» **Supplied information**
Lemma card_ker_mulp : #|[set x : R | p%:R * x == 0]| = p.
Proof.
set d := (p ^ mu.-1)%N.
have m_pd : m = (p * d)%N by rewrite -expnS prednK.
have d_gt0 : (0 < d)%N by rewrite expn_gt0 prime_gt0.
have lt_m i : (i < p)%N -> (i * d < m)%N by rewrite m_pd ltn_pmul2r.
have -> : [set x : R | p%:R * x == 0] = [set ((val i * d)%:R : R) | i : 'I_p].
  apply/setP => x; rewrite inE -[_ == 0]negbK -nz_mod_mu nz_modMp // negbK.
  apply/idP/imsetP => [dx|[i _ ->]]; last first.
    by rewrite val_Zpm_nat modn_small ?(lt_m _ (ltn_ord i)) ?dvdn_mull.
  have lt_xp : (val x %/ d < p)%N by rewrite ltn_divLR // -m_pd val_Zpm_lt.
  by exists (Ordinal lt_xp); rewrite //= divnK // natr_Zp.
rewrite card_imset ?card_ord // => i j /(congr1 val).
rewrite !val_Zpm_nat !modn_small ?(lt_m _ (ltn_ord _)) // => /eqP.
by rewrite eqn_pmul2r // => /eqP/val_inj.
Qed.

Lemma sum_mulp (V : nmodType) (F : R -> V) :
  \sum_(x : R) F (p%:R * x) = (\sum_(y | y \isn't a GRing.unit) F y) *+ p.
Proof.
rewrite -[X in _ = _ *+ X]card_ker_mulp; apply: sum_comp_additive => [x y|x|y /nonunitP ->].
- exact: mulrDr.
- exact: nonunit_mulp.
- by eexists.
Qed.

Definition nonunit_row n (r : 'rV[R]_n) : bool := [forall j, r 0 j \isn't a GRing.unit].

» **What you need to do**
Starting at the line that contains "by rewrite eqn_pmul2r // => /eqP/val_inj.", write out every line through the end of the entries, exactly and with nothing added.

» **Solution to this problem**
by rewrite eqn_pmul2r // => /eqP/val_inj.
Qed.

Lemma sum_mulp (V : nmodType) (F : R -> V) :
  \sum_(x : R) F (p%:R * x) = (\sum_(y | y \isn't a GRing.unit) F y) *+ p.
Proof.
rewrite -[X in _ = _ *+ X]card_ker_mulp; apply: sum_comp_additive => [x y|x|y /nonunitP ->].
- exact: mulrDr.
- exact: nonunit_mulp.
- by eexists.
Qed.

Definition nonunit_row n (r : 'rV[R]_n) : bool := [forall j, r 0 j \isn't a GRing.unit].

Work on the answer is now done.